WHAT YOU WILL DO
In the entries that follow, the lines from the one with "pose proof (Cmod_cexp_sub_1_sub_le (y" through the one with "with ((y - z)" are the ones to write out, exactly and with both ends included. Nothing else should appear.
- Opening Delimiter -
Lemma Rabs_sin_sub_le (b : R) : Rabs b <= PI -> Rabs (sin b - b) <= Rabs b ^ 3 / 6.
Proof.
  assert (Hpos : forall y, 0 <= y <= PI -> Rabs (sin y - y) <= y ^ 3 / 6).
  { intros y Hy. pose proof (sin_bound y 0 (proj1 Hy) (proj2 Hy)) as [Hlo _].
    unfold sin_approx, sin_term in Hlo; simpl in Hlo.
    assert (sin y <= y).
    { destruct (Req_dec y 0) as [->|]; [rewrite sin_0; lra|].
      left; apply sin_lt_x; lra. }
    apply Rabs_le; split; [lra | nra]. }
  intros Hb. destruct (Rle_or_lt 0 b).
  - rewrite (Rabs_right b) in * by lra; apply Hpos; lra.
  - rewrite (Rabs_left b) in * by lra.
    replace (sin b - b) with (- (sin (- b) - - b)) by (rewrite sin_neg; ring).
    rewrite Rabs_Ropp; apply Hpos; lra.
Qed.

Lemma Rabs_Im_le_Cmod (z : C) : Rabs (Im z) <= Cmod z.
Proof. exact (Rle_trans _ _ _ (Rmax_r _ _) (Rmax_Cmod z)). Qed.

Lemma Cmod_le_Rabs_Re_Im (z : C) : Cmod z <= Rabs (Re z) + Rabs (Im z).
Proof.
  pose proof (Cmod2_alt z); pose proof (Cmod_ge_0 z).
  pose proof (Rabs_pos (Re z)); pose proof (Rabs_pos (Im z)).
  rewrite <- (pow2_abs (Re z)), <- (pow2_abs (Im z)) in H.
  nra.
Qed.

Lemma cexp_add (u v : C) : cexp (u + v) = (cexp u * cexp v)%C.
Proof.
  destruct u as [a b], v as [a' b']; unfold cexp; simpl.
  rewrite exp_plus, cos_plus, sin_plus.
  apply injective_projections; simpl; ring.
Qed.

Lemma cexp_0 : cexp 0 = 1.
Proof.
  unfold cexp; simpl; rewrite exp_0, cos_0, sin_0.
  apply injective_projections; simpl; ring.
Qed.

Lemma cexp_mul_opp (z : C) : (cexp z * cexp (- z))%C = 1.
Proof. rewrite <- cexp_add, Cplus_opp_r; exact cexp_0. Qed.

Lemma cexp_nat_mul (n : nat) (z : C) : cexp (INR n * z) = (cexp z ^ n)%C.
Proof.
  induction n as [|n IH].
  - rewrite Cmult_0_l; exact cexp_0.
  - rewrite S_INR, RtoC_plus, Cmult_plus_distr_r, Cmult_1_l, cexp_add, IH.
    simpl; apply Cmult_comm.
Qed.

Lemma Cmod_cexp (z : C) : Cmod (cexp z) = exp (Re z).
Proof.
  destruct z as [a b]; unfold cexp, Cmod; cbn [fst snd Re Im].
  replace ((exp a * cos b) ^ 2 + (exp a * sin b) ^ 2) with (exp a ^ 2).
  - apply sqrt_pow2; left; apply exp_pos.
  - pose proof (sin2_cos2 b) as E; unfold Rsqr in E; nra.
Qed.

Lemma cexp_eq_1 (z : C) : cexp z = 1 <-> exists n : Z, z = (0, 2 * PI * IZR n).
Proof.
  destruct z as [x y]; unfold cexp; simpl; split.
  - intros E; injection E as Ecos Esin.
    pose proof (exp_pos x).
    assert (Hsin : sin y = 0) by nra.
    pose proof (sin2_cos2 y) as E; rewrite Hsin in E; unfold Rsqr in E.
    assert (Hcos : cos y = 1) by nra.
    rewrite Hcos, Rmult_1_r, <- exp_0 in Ecos; apply exp_inv in Ecos; subst x.
    assert (Hhalf : sin (y / 2) = 0).
    { replace y with (2 * (y / 2)) in Hcos by field; rewrite cos_2a_sin in Hcos; nra. }
    destruct (sin_eq_0_0 _ Hhalf) as [k Hk].
    exists k; f_equal; lra.
  - intros [n E]; injection E as -> ->.
    replace (2 * PI * IZR n) with (2 * (IZR n * PI)) by ring.
    rewrite exp_0, cos_2a_sin, sin_2a, (sin_eq_0_1 (IZR n * PI))
    by (exists n; reflexivity).
    apply injective_projections; simpl; ring.
Qed.

Lemma Cmod_cexp_sub_1_sub_le (h : C) :
  Cmod h <= 1 / 2 -> Cmod (cexp h - 1 - h) <= 4 * Cmod h ^ 2.
Proof.
  intros Hh.
  pose proof (re_le_Cmod h) as Ha; pose proof (Rabs_Im_le_Cmod h) as Hb.
  pose proof (Cmod2_alt h) as Hm.
  destruct h as [a b]; cbn [Re Im fst snd] in Ha, Hb, Hm; rewrite Hm; clear Hm.
  replace (cexp (a, b) - 1 - (a, b))%C
    with (exp a * cos b - 1 - a, exp a * sin b - b)
    by (unfold cexp; apply injective_projections; simpl; ring).
  eapply Rle_trans; [apply Cmod_le_Rabs_Re_Im|]; cbn [Re Im fst snd].
  pose proof (exp_sub_1_sub_bound a ltac:(lra)) as Ea.
  pose proof (one_sub_cos_bound b) as Cb.
  pose proof (Rabs_sin_sub_le b ltac:(pose proof PI2_1; lra)) as Sb.
  pose proof (Rabs_sin_le b) as Sb'.
  pose proof (exp_pos a).
  apply Rabs_le_between in Ha.
  assert (exp a <= 2) by nra.
  assert (Hb2 : Rabs b ^ 3 / 6 <= b ^ 2)
    by (rewrite <- (pow2_abs b); pose proof (Rabs_pos b); nra).
  assert (Hre : Rabs (exp a * cos b - 1 - a) <= 2 * a ^ 2 + b ^ 2).
  { replace (exp a * cos b - 1 - a) with ((exp a - 1 - a) - exp a * (1 - cos b)) by ring.
    assert (exp a * (1 - cos b) <= b ^ 2) by nra.
    apply Rabs_le; split; nra. }
  assert (Hexp : Rabs (exp a - 1) <= 2 * Rabs a).
  { apply Rabs_le.
    destruct (Rle_or_lt 0 a); [rewrite Rabs_right | rewrite Rabs_left]; try split; nra. }
  assert (Him : Rabs (exp a * sin b - b) <= a ^ 2 + 2 * b ^ 2).
  { replace (exp a * sin b - b) with ((exp a - 1) * sin b + (sin b - b)) by ring.
    eapply Rle_trans; [apply Rabs_triang|]; rewrite Rabs_mult.
    pose proof (Rabs_pos (exp a - 1)); pose proof (Rabs_pos (sin b)).
    pose proof (pow2_ge_0 (Rabs a - Rabs b)).
    rewrite <- (pow2_abs a), <- (pow2_abs b) in *.
    nra. }
  lra.
Qed.

Lemma Cmod_cexp_sub_1_bounds (h : C) :
  Cmod h <= 1 / 8 -> Cmod h / 2 <= Cmod (cexp h - 1) <= 2 * Cmod h.
Proof.
  intros Hh.
  pose proof (Cmod_cexp_sub_1_sub_le h ltac:(lra)) as Hr; pose proof (Cmod_ge_0 h).
  pose proof (Cmod_triangle (cexp h - 1 - h) h) as Hup.
  pose proof (Cmod_triangle (cexp h - 1) (- (cexp h - 1 - h))) as Hlo.
  rewrite Cmod_opp in Hlo.
  replace (cexp h - 1 - h + h)%C with (cexp h - 1)%C in Hup by ring.
  replace (cexp h - 1 + - (cexp h - 1 - h))%C with h in Hlo by ring.
  split; nra.
Qed.

(* [C] as a normed module over itself. [C_NormedModule] has the same norm but a
   different (product) uniform structure, so the two notions of derivative are
   not convertible. *)
Local Notation C_self := (AbsRing_NormedModule C_AbsRing).

Lemma is_derive_of_quadratic_remainder (f : C -> C) (x l : C) (r K : R) :
  0 < r ->
  (forall y, Cmod (y - x) < r -> Cmod (f y - f x - (y - x) * l) <= K * Cmod (y - x) ^ 2) ->
  @is_derive C_AbsRing C_self f x l.
Proof.
  intros Hr HK; split; [apply is_linear_scal_l|].
  intros x' Hx'.
  pose proof (@is_filter_lim_locally_unique _ C_self x x' Hx') as <-.
  intros eps; apply (locally_le_locally_norm (K := C_AbsRing) (V := C_self) x).
  pose proof (Rabs_pos K) as HK0; pose proof (cond_pos eps) as He.
  assert (Hd : 0 < Rmin r (eps / (Rabs K + 1)))
    by (apply Rmin_pos; [lra | apply Rdiv_lt_0_compat; lra]).
  exists (mkposreal _ Hd); intros y Hy; unfold ball_norm in Hy; simpl in Hy.
  change (Cmod (f y - f x - (y - x) * l) <= eps * Cmod (y - x)).
  change (Cmod (y - x) < Rmin r (eps / (Rabs K + 1))) in Hy.
  pose proof (Rmin_l r (eps / (Rabs K + 1))); pose proof (Rmin_r r (eps / (Rabs K + 1))).
  pose proof (Cmod_ge_0 (y - x)); pose proof (Rle_abs K).
  assert (Cmod (y - x) * (Rabs K + 1) <= eps).
  { apply (Rmult_le_reg_r (/ (Rabs K + 1))); [apply Rinv_0_lt_compat; lra|].
    rewrite Rmult_assoc, Rinv_r by lra; lra. }
  eapply Rle_trans; [apply HK; lra | nra].
Qed.

Lemma ex_derive_C_NormedModule (f : C -> C) (x : C) :
  @ex_derive C_AbsRing C_self f x -> @ex_derive C_AbsRing C_NormedModule f x.
Proof.
  intros [l [_ Hdom]]; exists l; split; [apply is_linear_scal_l | exact Hdom].
Qed.

Lemma ex_derive_Cmult_l (a z : C) : @ex_derive C_AbsRing C_self (fun s => a * s)%C z.
Proof.
  apply (ex_derive_ext (V := C_self) (fun s => scal s a)); [intros; apply Cmult_comm|].
  apply (ex_derive_scal_l (V := C_self)), ex_derive_id.
Qed.

Lemma is_derive_cexp (z : C) : @is_derive C_AbsRing C_self cexp z (cexp z).
Proof.
  apply (is_derive_of_quadratic_remainder _ _ _ (1 / 2) (4 * exp (Re z))); [lra|].
  intros y Hy.
  replace (cexp y) with (cexp z * cexp (y - z))%C by (rewrite <- cexp_add; f_equal; ring).
  replace (cexp z * cexp (y - z) - cexp z - (y - z) * cexp z)%C
    with (cexp z * (cexp (y - z) - 1 - (y - z)))%C by ring.
  rewrite Cmod_mult, Cmod_cexp.
  pose proof (Cmod_cexp_sub_1_sub_le (y - z) ltac:(lra)); pose proof (exp_pos (Re z)).
  nra.
Qed.

Lemma is_derive_Cinv (z : C) :
  z <> 0 -> @is_derive C_AbsRing C_self Cinv z (- / (z * z))%C.
Proof.
  intros Hz; assert (Hm : 0 < Cmod z) by (apply Cmod_gt_0; exact Hz).
  apply (is_derive_of_quadratic_remainder _ _ _ (Cmod z / 2) (2 / Cmod z ^ 3)); [lra|].
  intros y Hy.
  assert (Hyz : Cmod z / 2 <= Cmod y).
  { pose proof (Cmod_triangle y (- (y - z))) as T; rewrite Cmod_opp in T.
    replace (y + - (y - z))%C with z in T by ring; lra. }
  assert (Hy0 : y <> 0) by (intros ->; rewrite Cmod_0 in Hyz; lra).
  replace (/ y - / z - (y - z) * - / (z * z))%C
    with ((y - z) * (y - z) * / (z * z * y))%C by (field; auto).
  rewrite !Cmod_mult, Cmod_inv by (repeat apply Cmult_neq_0; auto).
  rewrite !Cmod_mult.
  assert (Hinv : / (Cmod z * Cmod z * Cmod y) <= 2 / Cmod z ^ 3).
  { replace (2 / Cmod z ^ 3) with (/ (Cmod z * Cmod z * (Cmod z / 2))) by (field; lra).
    apply Rinv_le_contravar; [repeat apply Rmult_lt_0_compat; lra|].
    apply Rmult_le_compat_l; nra. }
  pose proof (Cmod_ge_0 (y - z)); nra.
Qed.

Lemma is_series_Cgeom (w : C) :
  Cmod w < 1 -> is_series (fun n => w ^ n)%C (/ (1 - w))%C.
Proof.
  intros Hw.
  assert (Hw1 : (1 - w)%C <> 0).
  { intros E; assert (w = 1)%C as ->
      by (replace w with (1 - (1 - w))%C by ring; rewrite E; ring).
    rewrite Cmod_1 in Hw; lra. }
  assert (Hm : 0 < Cmod (1 - w)) by (apply Cmod_gt_0; exact Hw1).
  assert (Hsum : forall n, sum_n (fun k => w ^ k)%C n = (/ (1 - w) - w ^ S n / (1 - w))%C).
  { induction n as [|n IH].
    - rewrite sum_O; simpl; field; exact Hw1.
    - rewrite sum_Sn, IH; change plus with Cplus; simpl; field; exact Hw1. }
  apply (filterlim_locally_ball_norm (K := C_AbsRing)); intros eps.
  pose proof (Cmod_ge_0 w).
  destruct (pow_lt_1_zero (Cmod w) ltac:(rewrite Rabs_right; lra) (eps * Cmod (1 - w)))
    as [N HN]; [apply Rmult_lt_0_compat; [apply cond_pos | exact Hm]|].
  exists N; intros n Hn; unfold ball_norm.
  change (Cmod (sum_n (fun k => w ^ k)%C n - / (1 - w)) < eps).
  rewrite Hsum.
  replace (/ (1 - w) - w ^ S n / (1 - w) - / (1 - w))%C with (- (w ^ S n / (1 - w)))%C by ring.
  rewrite Cmod_opp, Cmod_div, Cmod_pow by exact Hw1.
  specialize (HN (S n) ltac:(lia)); rewrite Rabs_right in HN by (apply Rle_ge, pow_le; lra).
  apply (Rmult_lt_reg_r (Cmod (1 - w))); [exact Hm|].
  unfold Rdiv; rewrite Rmult_assoc, Rinv_l; lra.
Qed.

Definition imag_lattice (p : R) (z : C) : Prop := exists n : Z, z = (0, IZR n * p).

Lemma imag_lattice_separated (p : R) (w1 w2 : C) :
  0 < p -> imag_lattice p w1 -> imag_lattice p w2 -> w1 <> w2 -> p <= Cmod (w1 - w2).
Proof.
  intros Hp [n1 ->] [n2 ->] Hne.
  assert (Hn : (n1 <> n2)%Z) by (intros ->; apply Hne; reflexivity).
  eapply Rle_trans; [|apply Rabs_Im_le_Cmod]; simpl.
  replace (IZR n1 * p + - (IZR n2 * p)) with (IZR (n1 - n2) * p)
    by (rewrite minus_IZR; ring).
  rewrite Rabs_mult, (Rabs_right p), <- abs_IZR by lra.
  assert (1 <= IZR (Z.abs (n1 - n2))) by (apply IZR_le; lia).
  nra.
Qed.

Lemma isolated_of_separated (P : C -> Prop) (p : R) :
  0 < p ->
  (forall w1 w2, P w1 -> P w2 -> w1 <> w2 -> p <= Cmod (w1 - w2)) ->
  forall z, exists delta, 0 < delta /\ forall w, P w -> 0 < Cmod (w - z) < delta -> False.
Proof.
  intros Hp Hsep z.
  destruct (classic (exists w0, P w0 /\ 0 < Cmod (w0 - z) < p / 2))
    as [[w0 [Hw0 Hd0]] | Hnone].
  - exists (Cmod (w0 - z)); split; [lra|].
    intros w Hw Hd.
    assert (w <> w0) by (intros ->; lra).
    pose proof (Hsep w w0 Hw Hw0 H).
    pose proof (Cmod_triangle (w - z) (- (w0 - z))) as T; rewrite Cmod_opp in T.
    replace (w - z + - (w0 - z))%C with (w - w0)%C in T by ring.
    lra.
  - exists (p / 2); split; [lra|].
    intros w Hw Hd; apply Hnone; eauto.
Qed.

Lemma is_pole_Cinv (g : C -> C) (p : C) (r k : R) :
  0 < r -> 0 < k ->
  (forall z, 0 < Cmod (z - p) < r -> g z <> 0 /\ Cmod (g z) <= k * Cmod (z - p)) ->
  is_pole (fun z => / g z)%C p.
Proof.
  intros Hr Hk Hg M.
  pose proof (Rabs_pos M); pose proof (Rle_abs M).
  assert (Hd : 0 < / (k * (Rabs M + 1))) by (apply Rinv_0_lt_compat; nra).
  exists (Rmin r (/ (k * (Rabs M + 1)))); split; [apply Rmin_pos; lra|].
  intros z [Hz1 Hz2].
  pose proof (Rmin_l r (/ (k * (Rabs M + 1)))); pose proof (Rmin_r r (/ (k * (Rabs M + 1)))).
  destruct (Hg z ltac:(lra)) as [Hg0 Hgle].
  assert (Hgpos : 0 < Cmod (g z)) by (apply Cmod_gt_0; exact Hg0).
  rewrite Cmod_inv by exact Hg0.
  assert (Hzk : Cmod (z - p) * (k * (Rabs M + 1))
                < / (k * (Rabs M + 1)) * (k * (Rabs M + 1)))
    by (apply Rmult_lt_compat_r; nra).
  rewrite Rinv_l in Hzk by nra.
  apply (Rmult_lt_reg_l (Cmod (g z))); [exact Hgpos|].
  rewrite Rinv_r by lra; nra.
Qed.

Section InvCexpSub1.

Variable c : R.
Hypothesis c_pos : 0 < c.

Definition inv_cexp_sub_1 (s : C) : C := / (cexp (RtoC c * s) - 1).

Let period := 2 * PI / c.

Lemma period_pos : 0 < period.
Proof. unfold period; apply Rdiv_lt_0_compat; [pose proof PI_RGT_0 |]; lra. Qed.

Lemma cexp_scal_eq_1 (z : C) : cexp (RtoC c * z) = 1 <-> imag_lattice period z.
Proof.
  rewrite cexp_eq_1; destruct z as [x y]; unfold imag_lattice, period; split.
  - intros [n E]; exists n; injection E as E1 E2.
    f_equal; [nra | field_simplify_eq; lra].
  - intros [n E]; exists n; injection E as -> ->.
    apply injective_projections; simpl; field; lra.
Qed.

Lemma holo_at_inv_cexp_sub_1 (z : C) :
  ~ imag_lattice period z -> holo_at inv_cexp_sub_1 z.
Proof.
  intros Hz; apply ex_derive_C_NormedModule; unfold inv_cexp_sub_1.
  assert (Hne : (cexp (RtoC c * z) - 1)%C <> 0).
  { intros E; apply Hz, cexp_scal_eq_1.
    replace (cexp (RtoC c * z)) with (cexp (RtoC c * z) - 1 + 1)%C by ring.
    rewrite E; ring. }
  apply (ex_derive_comp (V := C_self) Cinv (fun s => cexp (RtoC c * s) - 1)%C).
  - exists (- / ((cexp (RtoC c * z) - 1) * (cexp (RtoC c * z) - 1)))%C.
    now apply is_derive_Cinv.
  - apply (ex_derive_ext (V := C_self) (fun s => minus (cexp (RtoC c * s)) (RtoC 1)));
      [intros; reflexivity|].
    apply (ex_derive_minus (V := C_self) (fun s => cexp (RtoC c * s)) (fun _ => RtoC 1)).
    2: exact (ex_derive_const (V := C_self) (RtoC 1) z).
    exact (ex_derive_comp (V := C_self) cexp (fun s => RtoC c * s)%C z
             (ex_intro _ _ (is_derive_cexp _)) (ex_derive_Cmult_l _ z)).
Qed.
- Closing Delimiter -
FINISHED TASK
  pose proof (Cmod_cexp_sub_1_sub_le (y - z) ltac:(lra)); pose proof (exp_pos (Re z)).
  nra.
Qed.

Lemma is_derive_Cinv (z : C) :
  z <> 0 -> @is_derive C_AbsRing C_self Cinv z (- / (z * z))%C.
Proof.
  intros Hz; assert (Hm : 0 < Cmod z) by (apply Cmod_gt_0; exact Hz).
  apply (is_derive_of_quadratic_remainder _ _ _ (Cmod z / 2) (2 / Cmod z ^ 3)); [lra|].
  intros y Hy.
  assert (Hyz : Cmod z / 2 <= Cmod y).
  { pose proof (Cmod_triangle y (- (y - z))) as T; rewrite Cmod_opp in T.
    replace (y + - (y - z))%C with z in T by ring; lra. }
  assert (Hy0 : y <> 0) by (intros ->; rewrite Cmod_0 in Hyz; lra).
  replace (/ y - / z - (y - z) * - / (z * z))%C
    with ((y - z) * (y - z) * / (z * z * y))%C by (field; auto).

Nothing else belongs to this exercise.